La situation dans le Nord-Mali inquiète. Les événements de ces derniers mois montrent que les groupes terroristes y ont retrouvé un pouvoir de nuisance et une capacité opérationnelle. "Cela va mieux!", affirme pourtant le général Patrick Brethous, commandant de la force Barkhane.
"S'il y a un dossier qui nous préoccupe, c’est bien le Nord-Mali, beaucoup plus que Boko Haram. C’est redevenu une zone de non-droit où les djihadistes se restructurent grâce au narcotrafic." Ce haut responsable d’Afrique de l'Ouest, qui requiert l’anonymat, ne cache pas sa déception sur la situation malienne allant même jusqu’à dire qu’une partie des effets de l’opération Serval "est aujourd’hui annulée". Les événements de ces derniers mois montrent que les groupes terroristes y ont retrouvé un pouvoir de nuisance et une capacité opérationnelle certains : c’est depuis le Mali qu’ont été conçus les attentats de Bamako, Ouagadougou et plus récemment à Grand-Bassam, en Côte d’Ivoire. Derrière ces attaques, on retrouve Aqmi (Al Qaida au Maghreb islamique) et Al-Mourabitoune, créé par Mokhtar Belmokhtar. Après des années de brouille, les deux groupes terroristes ont annoncé en décembre leur réconciliation.
"L’armée malienne a fait d’énormes progrès"
Ansar Dine, autre mouvement djihadiste présent dans la zone, poursuit lui aussi sa stratégie de harcèlement à la fois contre les Forces armées maliennes, les casques Bleus de la Minusma mais aussi les éléments français de l’opération Barkhane (3.500 hommes), qui a pris le relais de Serval en étendant son périmètre d’action à toute la Bande sahélo-saharienne (BSS). C’est bien cette organisation, dirigée par la figure touarègue Iyad Ag Ghali, qui a revendiqué avoir posé la mine près de Tessalit sur laquelle, le 12 avril, a sauté un véhicule avant blindé (VAB), tuant trois soldats français.
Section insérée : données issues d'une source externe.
(* dim Spec A = dim Spec B (in N ∪ {∞}) *)
Definition same_dim (k : fieldType) (A B : comAlgType k) : Prop :=
  forall n, has_chain A n <-> has_chain B n.

(* the morphism (Spec B)_red -> (Spec A)_red induced by g : A -> B is an
   isomorphism, i.e. A/nil(A) -> B/nil(B) induced by g is bijective *)
Definition red_iso (k : fieldType) (A B : comAlgType k) (g : A -> B) : Prop :=
  (forall b, exists a, nilpotent (b - g a)) /\
  (forall a, nilpotent (g a) -> nilpotent a).

From HB Require Import structures.
From mathcomp Require Import all_boot all_order all_algebra.
From mathcomp Require Import zify.
From Stdlib Require Import Classical.
From Stdlib Require ClassicalDescription.

(* B is the union of the images of the A_i, so the finitely many generators of B
   modulo its nilradical all come from one A_i0, and phi_j is surjective modulo
   nilpotents for every j >= i0.  If some non-nilpotent a in A_j had nilpotent
   image, then the nilradical of A_j (prime, as X_j is irreducible) would lie
   strictly below the preimage of every prime of B, so each chain of primes of B
   would lift to a longer chain in A_j.  As dim B = dim A_j, A_j would then have
   chains of every length, whereas a k-algebra generated by n elements has none
   of length n + 1. *)

Set Implicit Arguments. Unset Strict Implicit. Unset Printing Implicit Defensive.
Import GRing.Theory.
Local Open Scope ring_scope.

Section Nilpotent.
Variables (k : fieldType) (R : comAlgType k).
Implicit Types a b : R.

Lemma nilpotent0 : nilpotent (0 : R).
Proof. by exists 1%N; rewrite expr1. Qed.

Lemma nilpotentD a b : nilpotent a -> nilpotent b -> nilpotent (a + b).
Proof.
move=> [m am0] [n bn0]; exists (m + n)%N; rewrite exprDn big1 // => i _.
have [ni|lt_in] := leqP n i; first by rewrite -(subnKC ni) exprD bn0 mul0r mulr0 mul0rn.
have mi : (m <= m + n - i)%N by lia.
by rewrite -(subnKC mi) exprD am0 !mul0r mul0rn.
Qed.

Lemma nilpotentMl a b : nilpotent b -> nilpotent (a * b).
Proof. by move=> [n bn0]; exists n; rewrite exprMn bn0 mulr0. Qed.

Lemma nilpotent_prime_ideal : spec_irreducible R -> prime_ideal (@nilpotent k R).
Proof.
move=> [nil1 nilM]; split; first exact: nilpotent0.
by split; [exact: nilpotentD | split; [exact: nilpotentMl | split]].
Qed.
End Nilpotent.

Section PrimeIdeal.
Variables (k : fieldType) (R : comAlgType k) (P : R -> Prop).
Hypothesis P_prime : prime_ideal P.
Implicit Types a b : R.

Lemma prime_ideal0 : P 0.
Proof. by case: P_prime. Qed.

Lemma prime_idealD a b : P a -> P b -> P (a + b).
Proof. by case: P_prime => _ [PD _]; apply: PD. Qed.

Lemma prime_idealMl a b : P b -> P (a * b).
Proof. by case: P_prime => _ [_ [PM _]]; apply: PM. Qed.

Lemma prime_ideal1 : ~ P 1.
Proof. by case: P_prime => _ [_ [_ [P1 _]]]. Qed.

Lemma prime_idealM a b : P (a * b) -> P a \/ P b.
Proof. by case: P_prime => _ [_ [_ [_ PM]]]; apply: PM. Qed.

Lemma prime_ideal_notM a b : ~ P a -> ~ P b -> ~ P (a * b).
Proof. by move=> Pa Pb /prime_idealM []. Qed.

Lemma prime_idealB a b : P a -> P b -> P (a - b).
Proof. by move=> Pa Pb; rewrite -mulN1r; apply/prime_idealD/prime_idealMl. Qed.

Lemma prime_idealX a n : P (a ^+ n) -> P a.
Proof.
elim: n => [|n IHn]; first by rewrite expr0 => /prime_ideal1.
by rewrite exprS => /prime_idealM [] // /IHn.
Qed.

Lemma prime_ideal_nilpotent a : nilpotent a -> P a.
Proof. by move=> [n an0]; apply: (@prime_idealX a n); rewrite an0; exact: prime_ideal0. Qed.

Lemma prime_idealZ1 (c : k) : c != 0 -> ~ P (c *: 1).
Proof.
move=> c0 Pc; apply: prime_ideal1.
have -> : (1 : R) = (c^-1 *: 1) * (c *: 1).
  by rewrite -scalerAl mul1r scalerA mulVf // scale1r.
exact: prime_idealMl.
Qed.
End PrimeIdeal.

Section KMorphism.
Variables (k : fieldType) (A B : comAlgType k) (g : A -> B).
Hypothesis g_kmorph : kmorph g.

Lemma kmorph0 : g 0 = 0.
Proof. by case: g_kmorph => gD _; apply: (addrI (g 0)); rewrite -gD !addr0. Qed.

Lemma kmorphX a n : g (a ^+ n) = g a ^+ n.
Proof.
case: g_kmorph => _ [gM _]; elim: n => [|n IHn]; last by rewrite !exprS gM IHn.
by case: g_kmorph => _ [_ [g1 _]]; rewrite !expr0.
Qed.

Lemma kmorph_comp (C : comAlgType k) (h : B -> C) :
  kmorph h -> kmorph (fun a => h (g a)).
Proof.
case: g_kmorph => gD [gM [g1 gZ]] [hD [hM [h1 hZ]]].
by split; [|split; [|split]] => *; rewrite ?(gD, gM, g1, gZ, hD, hM, h1, hZ).
Qed.

Lemma kmorph_nilpotent a : nilpotent a -> nilpotent (g a).
Proof. by move=> [n an0]; exists n; rewrite -kmorphX an0 kmorph0. Qed.

Lemma prime_ideal_preim (P : B -> Prop) : prime_ideal P -> prime_ideal (fun a => P (g a)).
Proof.
move=> P_prime; case: g_kmorph => gD [gM [g1 _]].
split; first by rewrite kmorph0; apply: prime_ideal0.
split; first by move=> a b Pa Pb; rewrite gD; apply: prime_idealD.
split; first by move=> a b Pb; rewrite gM; apply: prime_idealMl.
split; first by rewrite g1; apply: prime_ideal1.
by move=> a b; rewrite gM; apply: prime_idealM.
Qed.

(* Below the preimages of a chain of primes of B, put the nilradical of A: it is
   prime, and strictly smaller because it misses [a]. *)
Lemma has_chain_lift a n : spec_irreducible A ->
  (forall b, exists a, nilpotent (b - g a)) -> nilpotent (g a) -> ~ nilpotent a ->
  has_chain B n -> has_chain A n.+1.
Proof.
move=> A_irr g_surj nil_ga nil_a [p [p_prime p_chain]].
have nil_p m : (m <= n)%N -> forall b, nilpotent b -> p m b.
  by move=> mn b; apply: prime_ideal_nilpotent; apply: p_prime.
exists (fun m x => if m is m'.+1 then p m' (g x) else nilpotent x); split.
  by case=> [_|m mn]; [exact: nilpotent_prime_ideal | apply/prime_ideal_preim/p_prime].
case=> [_|m mn].
  split; first by move=> x /kmorph_nilpotent; apply: nil_p.
  by exists a; split => //; apply: nil_p.
have [p_sub [b [pb npb]]] := p_chain m mn.
split; first by move=> x; apply: p_sub.
have [a' nil_ba'] := g_surj b; exists a'; split.
  rewrite -[g a'](subKr b); apply: (prime_idealB (p_prime m.+1 mn)) => //.
  exact: nil_p.
move=> pa'; apply: npb; rewrite -(subrK (g a') b).
by apply: (prime_idealD (p_prime m (ltnW mn))) => //; apply: (nil_p m (ltnW mn)).
Qed.
End KMorphism.

Section Colimit.
Local Unset Implicit Arguments.
Variables (k : fieldType) (I : Type) (le : I -> I -> Prop)
  (A : I -> comAlgType k) (f : forall i j, le i j -> A i -> A j)
  (B : comAlgType k) (phi : forall i, A i -> B).
Local Set Implicit Arguments.
Hypotheses (le_directed : directed le) (phi_colim : is_colimit f phi).

Definition phi_image j (b : B) : Prop := exists a, b = phi j a.

Lemma colimit_kmorph i : kmorph (phi i).
Proof. by case: phi_colim => [[phiM _] _]. Qed.

Lemma phi_image_subalg j : subalg (phi_image j).
Proof.
case: (colimit_kmorph j) => phiD [phiM [phi1 phiZ]].
split; first by exists 1; rewrite phi1.
split; first by move=> _ _ [a ->] [a' ->]; exists (a + a'); rewrite phiD.
split; first by move=> _ _ [a ->] [a' ->]; exists (a * a'); rewrite phiM.
by move=> c _ [a ->]; exists (c *: a); rewrite phiZ.
Qed.

Lemma phi_imageW i j b : le i j -> phi_image i b -> phi_image j b.
Proof.
case: phi_colim => [[_ phi_f] _] ij [a ->].
by exists (f i j ij a); rewrite phi_f.
Qed.

Lemma phi_image2 i j b c : phi_image i b -> phi_image j c ->
  exists l, phi_image l b /\ phi_image l c.
Proof.
case: le_directed => _ [_ [_ le_ub]] ib jc; have [l [il jl]] := le_ub i j.
by exists l; split; [apply: phi_imageW ib | apply: phi_imageW jc].
Qed.

Definition colim_image : pred B := fun b =>
  if ClassicalDescription.excluded_middle_informative (exists i, phi_image i b)
  then true else false.

Lemma colim_imageP b : reflect (exists i, phi_image i b) (colim_image b).
Proof.
by rewrite /colim_image; case: ClassicalDescription.excluded_middle_informative; constructor.
Qed.

Lemma colim_image_closed : GRing.subsemialg_closed colim_image.
Proof.
have [[i0] _] := le_directed.
have closed2 (op : B -> B -> B) :
    (forall j b c, phi_image j b -> phi_image j c -> phi_image j (op b c)) ->
    {in colim_image &, forall b c, op b c \in colim_image}.
  move=> opP b c /colim_imageP [i ib] /colim_imageP [j jc]; apply/colim_imageP.
  by have [l [lb lc]] := phi_image2 ib jc; exists l; apply: opP.
split.
- by apply/colim_imageP; exists i0; case: (phi_image_subalg i0).
- split; last by apply: closed2 => j; case: (phi_image_subalg j) => _ [].
  by apply/colim_imageP; exists i0, 0; rewrite (kmorph0 (colimit_kmorph i0)).
- move=> c b /colim_imageP [j jb]; apply/colim_imageP; exists j.
  by case: (phi_image_subalg j) => _ [_ [_ SZ]]; apply: SZ.
- by apply: closed2 => j; case: (phi_image_subalg j) => _ [_ []].
Qed.

Definition colim_sub := {b : B | colim_image b}.
HB.instance Definition _ := Choice.on colim_sub.
HB.instance Definition _ := [isSub of colim_sub for sval].
HB.instance Definition _ :=
  GRing.SubChoice_isSubAlgebra.Build k B colim_image colim_sub colim_image_closed.
HB.instance Definition _ := GRing.SubNzRing_isSubComNzRing.Build B colim_image colim_sub.

Lemma kmorph_val : kmorph (val : colim_sub -> B).
Proof.
split; first exact: rmorphD.
split; first exact: rmorphM.
split; first exact: rmorph1.
by move=> c b; rewrite linearZ.
Qed.

Lemma kmorph_corestr (X : comAlgType k) (h : X -> colim_sub) :
  kmorph (fun x => val (h x)) -> kmorph h.
Proof.
move=> [hD [hM [h1 hZ]]].
split; first by move=> x y; apply: val_inj; rewrite hD rmorphD.
split; first by move=> x y; apply: val_inj; rewrite hM rmorphM.
split; first by apply: val_inj; rewrite h1 rmorph1.
by move=> c x; apply: val_inj; rewrite hZ linearZ.
Qed.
Enfin, la situation politique et sécuritaire dans la ville de Kidal, ville-clé du Nord-Mali, se dégrade. Les négociations pour implanter sur le terrain les accords de paix d’Alger patinent. Et le 12 février, une attaque à la roquette sur le camp de la Minusma, la mission de l’ONU, s’est soldée par la mort de neuf hommes, six casques bleus et trois soldats maliens.
«Notre présence au Niger a aussi tari considérablement les flux de trafic (d’armes)»
"Cela va mieux!", affirme pourtant le général Patrick Brethous, commandant de la force Barkhane. "L’armée malienne a fait d’énormes progrès. Notre présence au Niger a aussi tari considérablement les flux de trafic (d’armes). Certes, les GAT (Groupes armés terroristes) ont de l’argent et peuvent encore payer un jeune 100.000 FCFA (150 euros) pour poser une mine. Mais ils n’ont plus d’unités structurées aptes à combattre, hormis peut-être Ansar Dine. Nous ne leur laissons aucun répit." Un Rafale a d’ailleurs fait feu sur une cible dans l’Adrar des Ifoghas la semaine dernière.
Un ennemi "fuyant et désilhouetté"
Reste que le Sahel fatigue le matériel militaire et que les hélicoptères, indispensables pour surprendre cet ennemi "fuyant et désilhouetté", manquent. Les très utiles Mirage 2000, qui étaient positionnés à Niamey, n’y sont plus et la décision de les faire revenir n’a pas encore été prise. La situation risque de se tendre encore plus dans les mois qui viennent pour Barkhane puisqu’elle a reçu mission de pallier au départ de Sangaris en RCA (République Centrafricaine) et de venir au secours du régime centrafricain en cas de crise.
"Nous nous adaptons à ces situations, tempère le général Brethous. Notre mission n’est pas d’éradiquer complètement ces groupes terroristes ou alors il me faudrait au moins 30.000 hommes. Mais ce qui est certain, c’est que les djihadistes n’ont plus de sanctuaire au Nord-Mali. D’ailleurs, s’ils frappent en dehors du pays, c’est peut-être parce qu’ils sont acculés sur leur territoire."
Jeudi, devant les troupes basées au poste de commandement de Barkhane à N’Djamena, le ministre français de la Défense, Bernard Cazeneuve, a pourtant évoqué les derniers attentats dans la région et la nécessité pour l’opération de s’adapter à la nouvelle donne.